At the Le Bourget Air Show last week, Ukrainian hopes to stay a world-class aircraft manufacturer were riding aboard the An-70, a ungainly cargo plane designed in Kyiv right after the Soviet military-industrial complex fell apart.

The response of today's German aerospace industry: If you can't beat Antonov, you better join them.

Aero Track GMBh, a seven-member aerospace consortium including BMW-Rolls Royce and Fairchild Dornier, will manufacture 300 An-70s in cooperation with its Russian and Ukrainian counterparts, Antonov spokesmen said last week.

The Aero Track announcement marks the first time a company with real cash has expressed serious interest in the An-70 aircraft.

'We are of course delighted,' said Andry Sovchenko, Antonov Design Bureau spokesman. 'There has been much discussion, but now we are talking about a concrete order.'

Projected to replace the Luftwaffe's aging C-130 fleet, the present An-70 will be modified to meet NATO standards, Leonid Terentyev, An-70 consortium general director, told Reuters on June 20. The Luftwaffe version, tentatively named the An-7X, will begin a three-year production run ANTONOV, in 2002.

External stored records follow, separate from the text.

Definition dotv I (u v : I -> C) := \sum_i u i * (v i)^*.
Definition nrm2 I (u : I -> C) := dotv u u.

Lemma nrm2_ge0 I (u : I -> C) : 0 <= nrm2 u.
Proof. by apply: sumr_ge0 => i _; apply: mul_conjC_ge0. Qed.

Lemma nrm2_eq0 I (u : I -> C) : nrm2 u = 0 -> forall i, u i = 0.
Proof.
move=> /psumr_eq0P u0 i; apply/eqP; rewrite -mul_conjC_eq0.
by apply/eqP/u0 => // j _; apply: mul_conjC_ge0.
Qed.

Lemma dotvC I (u v : I -> C) : dotv v u = (dotv u v)^*.
Proof.
by rewrite /dotv rmorph_sum; apply: eq_bigr => i _; rewrite rmorphM /= conjCK mulrC.
Qed.

Lemma eq_nrm2 I (u v : I -> C) : (forall i, u i = v i) -> nrm2 u = nrm2 v.
Proof. by move=> uv; apply: eq_bigr => i _; rewrite uv. Qed.

Lemma nrm2D I (u v : I -> C) :
  nrm2 (fun i => u i + v i) = nrm2 u + nrm2 v + dotv u v + (dotv u v)^*.
Proof.
rewrite /nrm2 -dotvC /dotv -!big_split /=; apply: eq_bigr => i _.
by rewrite rmorphD /=; ring.
Qed.

Lemma dotv_suml J I (u : J -> I -> C) (v : I -> C) :
  dotv (fun i => \sum_j u j i) v = \sum_j dotv (u j) v.
Proof.
rewrite /dotv; under eq_bigr do rewrite mulr_suml.
by rewrite exchange_big.
Qed.

Lemma dotv_sumr J I (u : J -> I -> C) (v : I -> C) :
  dotv v (fun i => \sum_j u j i) = \sum_j dotv v (u j).
Proof.
by rewrite dotvC dotv_suml rmorph_sum; apply: eq_bigr => j _; rewrite /= -dotvC.
Qed.

Lemma dotvZl I (c : C) (u v : I -> C) : dotv (fun i => c * u i) v = c * dotv u v.
Proof. by rewrite /dotv mulr_sumr; apply: eq_bigr => i _; rewrite mulrA. Qed.

Lemma dotvZr I (c : C) (u v : I -> C) : dotv v (fun i => c * u i) = c^* * dotv v u.
Proof. by rewrite dotvC dotvZl rmorphM /= -dotvC. Qed.

Lemma dotv_sum3 (A B D K : finType) (F G : A -> B -> D -> C) (u v : A -> B -> D -> K -> C) :
  dotv (fun k => \sum_a \sum_b \sum_d F a b d * u a b d k)
       (fun k => \sum_a \sum_b \sum_d G a b d * v a b d k) =
  \sum_a \sum_b \sum_d \sum_a' \sum_b' \sum_d'
    F a b d * (G a' b' d')^* * dotv (u a b d) (v a' b' d').
Proof.
rewrite dotv_suml; apply: eq_bigr => a _; rewrite dotv_suml; apply: eq_bigr => b _.
rewrite dotv_suml; apply: eq_bigr => d _; rewrite dotvZl dotv_sumr mulr_sumr.
apply: eq_bigr => a' _; rewrite dotv_sumr mulr_sumr; apply: eq_bigr => b' _.
rewrite dotv_sumr mulr_sumr; apply: eq_bigr => d' _.
by rewrite dotvZr mulrA.
Qed.

Lemma weighted_cauchy_schwarz I (w a b : I -> C) : (forall i, 0 <= w i) ->
  (\sum_i w i * (a i * (b i)^*)) * (\sum_i w i * (a i * (b i)^*))^*
  <= (\sum_i w i * (a i * (a i)^*)) * (\sum_i w i * (b i * (b i)^*)).
Proof.
move=> w_ge0.
set S := \sum_i w i * (a i * (b i)^*).
set A := \sum_i w i * (a i * (a i)^*); set B := \sum_i w i * (b i * (b i)^*).
have conjS : S^* = \sum_i w i * ((a i)^* * b i).
  by rewrite rmorph_sum; apply: eq_bigr => i _; rewrite !rmorphM /= conjCK geC0_conj ?w_ge0.
(* Lagrange's identity *)
pose c i j := a i * b j - a j * b i.
have lagrange : \sum_i \sum_j w i * w j * (c i j * (c i j)^*) = 2 * (A * B - S * S^*).
  have -> : 2 * (A * B - S * S^*) = A * B + B * A - S * S^* - S^* * S.
    by rewrite mulr_natl mulr2n; ring.
  rewrite conjS /A /B /S !big_distrlr /= -big_split -!sumrB /=.
  apply: eq_bigr => i _; rewrite -big_split -!sumrB /=; apply: eq_bigr => j _.
  by rewrite /c !rmorphB !rmorphM /=; ring.
have : 0 <= \sum_i \sum_j w i * w j * (c i j * (c i j)^*).
  apply: sumr_ge0 => i _; apply: sumr_ge0 => j _.
  by rewrite mulr_ge0 ?mul_conjC_ge0 ?mulr_ge0.
by rewrite lagrange pmulr_rge0 ?ltr0n // subr_ge0.
Qed.

Lemma cauchy_schwarz I (u v : I -> C) :
  dotv u v * (dotv u v)^* <= nrm2 u * nrm2 v.
Proof.
have := weighted_cauchy_schwarz u v (fun=> ler01).
by rewrite !(eq_bigr _ (fun i _ => mul1r _)).
Qed.

Lemma dotv_le_nrm2 I (u v : I -> C) : nrm2 v <= dotv u v -> dotv u v <= nrm2 u.
Proof.
move=> le_v_uv; have uv_ge0 := le_trans (nrm2_ge0 v) le_v_uv.
have [->|uv_neq0] := eqVneq (dotv u v) 0; first exact: nrm2_ge0.
have uv_gt0 : 0 < dotv u v by rewrite lt_def uv_neq0.
rewrite -(ler_pM2r uv_gt0); have := cauchy_schwarz u v.
rewrite geC0_conj // => /le_trans; apply.
by rewrite ler_wpM2l ?nrm2_ge0.
Qed.

End InnerProduct.

Section Contractions.
Variable C : numClosedFieldType.
Implicit Types I J K U : finType.

Definition suborthonormal J I (phi : J -> I -> C) :=
  (forall j j', dotv (phi j) (phi j') = (j == j')%:R * nrm2 (phi j)) /\
  (forall j, nrm2 (phi j) <= 1).

Lemma bessel J I (phi : J -> I -> C) (y : I -> C) : suborthonormal phi ->
  \sum_j dotv y (phi j) * (dotv y (phi j))^* <= nrm2 y.
Proof.
move=> [phi_orth phi_le1]; set c := fun j => dotv y (phi j).
pose z i := \sum_j c j * phi j i.
have yz : dotv y z = \sum_j c j * (c j)^*.
  by rewrite dotv_sumr; apply: eq_bigr => j _; rewrite dotvZr mulrC.
have zz : nrm2 z = \sum_j c j * (c j)^* * nrm2 (phi j).
  rewrite /nrm2 {1}/z dotv_suml; apply: eq_bigr => j _.
  rewrite dotvZl /z dotv_sumr (bigD1 j) //= big1 ?addr0 => [|j' /negbTE nj].
    by rewrite dotvZr phi_orth eqxx mul1r mulrA.
  by rewrite dotvZr phi_orth eq_sym nj mul0r mulr0.
rewrite -yz; apply: dotv_le_nrm2; rewrite yz zz; apply: ler_sum => j _.
by rewrite ler_piMr ?mul_conjC_ge0 ?phi_le1.
Qed.

Lemma nrm2_orthonormal_sum J I (w : J -> I -> C) (c : J -> C) :
  (forall j j', dotv (w j) (w j') = (j == j')%:R) ->
  nrm2 (fun i => \sum_j c j * w j i) = nrm2 c.
Proof.
move=> w_on; rewrite /nrm2 dotv_suml; apply: eq_bigr => j _.
rewrite dotvZl dotv_sumr (bigD1 j) //= big1 ?addr0 => [|j' /negbTE nj].
  by rewrite dotvZr w_on eqxx mulr1.
by rewrite dotvZr w_on eq_sym nj mulr0.
Qed.

Definition tensorf J1 J2 I1 I2 (e : J1 -> I1 -> C) (f : J2 -> I2 -> C) :=
  fun (j : J1 * J2) (i : I1 * I2) => e j.1 i.1 * f j.2 i.2.

Lemma dotv_tensorf J1 J2 I1 I2 (e : J1 -> I1 -> C) (f : J2 -> I2 -> C) j j' :
  dotv (tensorf e f j) (tensorf e f j') = dotv (e j.1) (e j'.1) * dotv (f j.2) (f j'.2).
Proof.
rewrite /dotv sum_pairE big_distrlr /=.
by apply: eq_bigr => i1 _; apply: eq_bigr => i2 _; rewrite /tensorf rmorphM /=; ring.
Qed.

Lemma suborthonormal_tensorf J1 J2 I1 I2 (e : J1 -> I1 -> C) (f : J2 -> I2 -> C) :
  suborthonormal e -> suborthonormal f -> suborthonormal (tensorf e f).
Proof.
move=> [e_orth e_le1] [f_orth f_le1]; split=> [[j1 j2] [j1' j2']|j].
  rewrite /nrm2 !dotv_tensorf e_orth f_orth /= xpair_eqE.
  by case: eqP; case: eqP; rewrite /= ?mul1r ?mul0r ?mulr0.
by rewrite /nrm2 dotv_tensorf -[1]mulr1 ler_pM ?nrm2_ge0 ?e_le1 ?f_le1.
Qed.

Definition mxv K U (kap : K -> U -> C) (v : U -> C) : K -> C :=
  fun k => \sum_u kap k u * v u.
Definition adjm K U (kap : K -> U -> C) : U -> K -> C := fun u k => (kap k u)^*.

The plane will be able to haul a 35-ton load of soldiers or equipment up to 3,800 kilometers. Each aircraft will cost between $60 million and $70 million, Terentyev said.

The deal is not done. European aircraft manufacturers, led by French Airbus Industries, are promoting an all-European aircraft called the Future Large Aircraft (FLA).

NATO nations began discussions on possibly jointly replacing their military cargo aircraft fleets – which consists of 1,000 to 1,500 aircraft, depending on what one considers the An-70 comparable to – in 1993.

Partly because of the expense of developing a brand-new cargo plane for the 21st century, no FLA prototype has flown to date.

The countries that are working on the FLA are Germany, France, Italy, Britain, Spain, Turkey, Belgium and Portugal.

Unhindered by West European inertia, Ukrainian engineers at the Antonov Design Bureau meanwhile have been plugging along. The An-70 was originally designed not for NATO members, but as a follow-on to the some 2,400 aging Russian and Ukrainian military cargo jet and turbo-prop fleets.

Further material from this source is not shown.